July 2024 books read

  • The Dream-Quest of Unknown Kadath – graphic novel by I. N. J. Culbard based on the H. P. Lovecraft novella, 2020; plus the original novella, posthumously published in 1943. I liked the Moebius-like illustrations, and realized I never had read the book – there’s so much Lovecraft! Interestingly weird but long.
  • The Invisible Hour – Alice Hoffman, 2023. A friend mentioned that it was set in Western Massachusetts, and I’d enjoyed the other Hoffmans I read a long time ago. This was good-not-great, but did prompt me to suggest The Scarlet Letter for a future Great Books choice.
  • Summer – Ali Smith, 2020. The last of her season quartet, for the Second Monday book group. Quotes TBD.
  • Your Inner Fish: A Journey into the 3.5-Billion-Year History of the Human Body – Neil Shubin, 2009. Nature/Enviro. Quotes TBD.
  • The Leopard – Giuseppe Lampedusa, 1958. For Great Books – quotes pulled, TBD – and also for the Mass Center for the Book July challenge, “A book by an author born outside of the United States.” My one-sentence submission, which doesn’t do it justice, was: “A wonderfully vivid and thought-provoking novel of the Risorgimento in Sicily.”
  • Moby-Dick; or, The Whale – Herman Melville, 1851. Re-read for the Amherst slow read group, and therefore I enjoyed a book that I love so, so much more!
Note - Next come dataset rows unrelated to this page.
Lemma is_UT_perm_lt (N : 'M[int]_m) a b :
  is_UT (\matrix_(j, k) N (s j) (s k)) -> N a b != 0 -> a != b ->
  ((s^-1)%g a < (s^-1)%g b)%N.
Proof.
move=> hUT hab; apply: contraNT; rewrite -leqNgt leq_eqVlt => /orP [/eqP e | lt].
  by apply/eqP/(perm_inj (s := (s^-1)%g)); apply/val_inj.
have := (hUT ((s^-1)%g a) ((s^-1)%g b)).1 lt; rewrite mxE !permKV => e.
by rewrite e eqxx in hab.
Qed.

Lemma perm_conj_elem x (a b : 'I_m) :
  \matrix_(j, k) (1%:M + x *: delta_mx a b : 'M[int]_m) (s j) (s k) =
  1%:M + x *: delta_mx ((s^-1)%g a) ((s^-1)%g b).
Proof. by apply/matrixP => j k; rewrite !mxE (inj_eq perm_inj) !(canF_eq (permK s)). Qed.

End PermutedMatrices.

Lemma nickel_mat_center n (s : {perm 'I_(2 * n).+2}) N :
  nickel_mat s (hcenter N)
    (1%:M + (- N) *: delta_mx ((s^-1)%g (inord (2 * n))) ((s^-1)%g ord_max)).
Proof. by rewrite -perm_conj_elem -nickel_mx_center; apply: nickel_mat_perm. Qed.

Section NickelOrder.
Variables (n : nat) (s : {perm 'I_(2 * n).+2}).
Hypothesis hUT : forall g A, nickel_mat s g A -> is_UT A.

Local Notation pos u := ((s^-1)%g (inord u : 'I_(2 * n).+2)).

Lemma high_before_max (i : 'I_n) : (pos (n + i) < (s^-1)%g ord_max)%N.
Proof.
have hi := ltn_ord i.
apply: (@is_UT_perm_lt _ _ (nickel_mx (hgen (inord (n + i))))).
- exact: hUT (nickel_mat_perm s _).
- by rewrite nickel_mx_low_max ?hgen_diag //; lia.
- by rewrite -val_eqE /= inordK //; apply/eqP; lia.
Qed.

Lemma ctr_before_high (i : 'I_n) : (pos (2 * n) < pos (n + i))%N.
Proof.
have hi := ltn_ord i.
apply: (@is_UT_perm_lt _ _ (nickel_mx (hgen (inord i)))).
- exact: hUT (nickel_mat_perm s _).
- by rewrite nickel_mx_ctr_high hgen_diag.
- by rewrite -val_eqE /= !inordK //; apply/eqP; lia.
Qed.

Lemma ctr_max_chain : (1 < n)%N ->
  exists b c : 'I_(2 * n).+2,
    [/\ (pos (2 * n) < b)%N, (b < c)%N & (c < (s^-1)%g ord_max)%N].
Proof.
move=> hn; pose i0 : 'I_n := Ordinal (ltnW hn); pose i1 : 'I_n := Ordinal hn.
have [lt0 lt1] := (ctr_before_high i0, ctr_before_high i1).
have [gt0 gt1] := (high_before_max i0, high_before_max i1).
case: (ltngtP (pos (n + i0)) (pos (n + i1))) => h.
- by exists (pos (n + i0)), (pos (n + i1)); split.
- by exists (pos (n + i1)), (pos (n + i0)); split.
- by move/val_inj/perm_inj/(congr1 val): h; rewrite /= !inordK; lia.
Qed.

End NickelOrder.

Section Growth.
Variables (n : nat) (s : {perm 'I_(2 * n).+2}).

Local Notation ctr := (inord (2 * n) : 'I_(2 * n).+1).

Definition low_bounded (L : nat) (g : heis n) :=
  forall k : 'I_(2 * n).+1, (k < 2 * n)%N -> `|g k| <= L%:Z.

Definition hbounded (L : nat) (g : heis n) :=
  low_bounded L g /\ `|g ctr| <= (n.+1 * L * L)%:Z.

Lemma hpair_bound (g h : heis n) L1 L2 :
  low_bounded L1 g -> low_bounded L2 h -> `|hpair g h| <= (n * L1 * L2)%:Z.
Proof.
move=> hg hh; apply: le_trans (ler_norm_sum _ _ _) _.
have term (i : 'I_n) : `|g (inord i) * h (inord (n + i))| <= (L1 * L2)%:Z.
  by rewrite normrM PoszM ler_pM ?hg ?hh ?inord_low_lt ?inord_high_lt.
apply: le_trans (ler_sum _ (fun i _ => term i)) _.
by rewrite sumr_const card_ord -mulr_natr natz; lia.
Qed.

Lemma hbounded_mul (e q : heis n) L :
  hbounded 1 e -> hbounded L q -> hbounded L.+1 (hmul e q).
Proof.
move=> [e_low e_ctr] [q_low q_ctr]; split => [k hk|].
  by rewrite hmul_low //; have := e_low k hk; have := q_low k hk; lia.
rewrite hmul_high ?ctr_high //.
have := hpair_bound q_low e_low; move: e_ctr q_ctr.
move: (e ctr) (q ctr) (hpair q e) => x y z; nia.
Qed.

Lemma hbounded_one : hbounded 0 hone.
Proof. by split => [k _|]; rewrite normr0. Qed.

Lemma hgen_bounded (i : 'I_(2 * n).+1) : low_bounded 1 (hgen i) /\ `|hgen i ctr| <= 1.
Proof. by split => [k _|]; rewrite /hgen; case: ifP. Qed.

Lemma nickel_gen_bounded B :
  nickel_gens s B -> exists e, nickel_mat s e B /\ hbounded 1 e.
Proof.
case=> i hB; have [gen_low gen_ctr] := hgen_bounded i.
case: hB => hB; [exists (hgen i) | exists (hinv (hgen i))]; split => //.
  by split => //; apply: le_trans gen_ctr _; lia.
split => [k hk|]; first by rewrite hinv_low // normrN gen_low.
rewrite hinv_high ?ctr_high //.
by have := hpair_bound gen_low gen_low; move: gen_ctr; lia.
Qed.

Lemma nickel_word_bounded (w : seq 'M[int]_((2 * n).+2)) :
  (forall B, B \in w -> nickel_gens s B) ->
  exists q, nickel_mat s q (foldr mulmx 1%:M w) /\ hbounded (size w) q.
Proof.
elim: w => [|B w IH] hw.
  by exists hone; split; [exact: nickel_mat1 | exact: hbounded_one].
have [q [hq q_bd]] := IH (fun C hC => hw C (mem_behead (s := B :: w) hC)).
have [e [he e_bd]] := nickel_gen_bounded (hw B (mem_head _ _)).
by exists (hmul e q); split; [exact: nickel_mat_mul | exact: hbounded_mul].
Qed.

End Growth.

Lemma cube_le_quadratic c m : (0 < m)%N -> (m * m * m <= c * (m * m))%N -> (m <= c)%N.
Proof. by move=> m_gt0; rewrite [(c * _)%N]mulnC leq_pmul2l // muln_gt0 m_gt0. Qed.

Lemma commutator_one_add (R : pzRingType) (P Q : R) :
  P * P = 0 -> Q * Q = 0 -> Q * P = 0 ->
  (1 + P) * (1 + Q) * (1 - P) * (1 - Q) = 1 + P * Q.
Proof.
move=> hPP hQQ hQP.
have hQ_P : (1 + Q) * (1 - P) = 1 - P + Q.
  by rewrite mulrDl mul1r mulrBr mulr1 hQP subr0.
have hP_QP : (1 + P) * (1 - P + Q) = 1 + Q + P * Q.
  by rewrite mulrDl mul1r !mulrDr mulrN mulr1 hPP oppr0 addr0 addrA (addrAC _ Q) subrK.
rewrite -(mulrA (1 + P)) hQ_P hP_QP mulrBr mulr1 !mulrDl mul1r hQQ -mulrA hQQ.
by rewrite mulr0 !addr0 addrAC addrK.
Qed.

Section Unitriangular.
Variable p : nat.

Local Notation elem a b x := (1%:M + x *: delta_mx a b : 'M[int]_p.+1).

Lemma wlen_le_mul S k1 k2 (A B : 'M[int]_p.+1) :
  wlen_le S k1 A -> wlen_le S k2 B -> wlen_le S (k1 + k2) (A *m B).
Proof.
move=> [w1 [h1 [g1 ->]]] [w2 [h2 [g2 ->]]].
exists (w1 ++ w2); split; first by rewrite size_cat leq_add.
split; first by move=> C; rewrite mem_cat => /orP [] ?; [apply: g1 | apply: g2].
rewrite foldr_cat; elim: w1 {h1 g1} => [|C w1 IH] /=; first by rewrite mul1mx.
by rewrite -IH mulmxA.
Qed.

Lemma wlen_le_leq S k1 k2 (A : 'M[int]_p.+1) :
  (k1 <= k2)%N -> wlen_le S k1 A -> wlen_le S k2 A.
Proof. by move=> hk [w [hw hS]]; exists w; split => //; apply: leq_trans hk. Qed.

Lemma elem_mul (a b : 'I_p.+1) x y : a != b -> elem a b x *m elem a b y = elem a b (x + y).
Proof.
move=> hab; rewrite mulmxDl !mulmxDr !mul1mx mulmx1 -scalemxAl -scalemxAr.
rewrite mul_delta_mx_0 1?eq_sym // !scaler0 addr0 scalerDl addrA.
by rewrite addrAC.
Qed.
Quotes pulled and merged with the ones from Great Books in 2018, TBD.
  • In My Time of Dying: How I Came Face to Face with the Idea of an Afterlife – Sebastian Junger, 2024. I listened to his interview on Sean Illing’s podcast (The Gray Area) and gulped it down as soon as my turn came on Overdrive. I don’t buy the afterlife speculations, personally, but it’s an incredibly compelling story, and I’ve always enjoyed Junger’s writing.
  • Chaser: Unlocking the Genius of the Dog Who Knows a Thousand Words – John W. Pilley with Hilary Hinzmann, 2013. Jonathan brought this home from his volunteer gig sorting donated books for the League of Women Voters, correctly assuming that I would love it. I already knew the basics of Chaser’s story – that she knew a thousand toys by name and could infer that a new word would refer to the one she hadn’t seen before – but the details were wonderful.
  • The Woodrow Wilson Dime – Jack Finney, 1968. Not his greatest, belaboring the “getting tired of spouse, looking for novelty” subplot he often uses, but the alternate timeline is fun.
  • The Bear Who Wasn’tFrank Tashlin, 1946. New York Review Children’s Collection reprint, and they have great taste. A bear emerges from hibernation into the factory that was built over his cave, and nobody believes he’s a bear. The illustrations are much more interesting than the text – most of them are embedded here, but my favorites are missing.
  • The Book That Made Me – ed. Judith Ridge, 2016. I’m a sucker for anything in this genre (collections of essays about books). Not a particularly well-done version, as a number of the contributors didn’t stick to the brief, but fascinating because it’s Australian and many of the books recommended are unfamiliar to me. Lots more for the infinite TBR pile!

Skimmed

  • Utopia Parkway: The Life and Work of Joseph Cornell – Deborah Solomon, 1997. I only intended to dip into this briefly (I needed to look up a citation for my mother’s essays), but it was so interesting I checked it out and kept it around for months. I read at least half; it’s a very good biography and a fascinating analysis of the ways Cornell became a key part of the New York arts scene.
  • World as Lover, World as Self – Joanna Macy, 1991. I liked a couple of the quotes, which I’ve found collected online, as well as the breathing through exercise, the Great Ball of Merit, and the idea of being “in league” with “the stones and the beasts of the field, and the sun that rises and the stars revolving in the sky” (adapted from Job 5:23). I learned about the Sarvodaya movement and was reminded of The Council of All Beings – I probably heard about that through a Whole Earth publication, and I would love to participate in one someday.

Short story

  • Sally Rooney’s “Opening Theory” in The New Yorker‘s Fiction issue really grabbed me – it works on so many levels! – a bit to my surprise, since I kinda hated Ordinary People.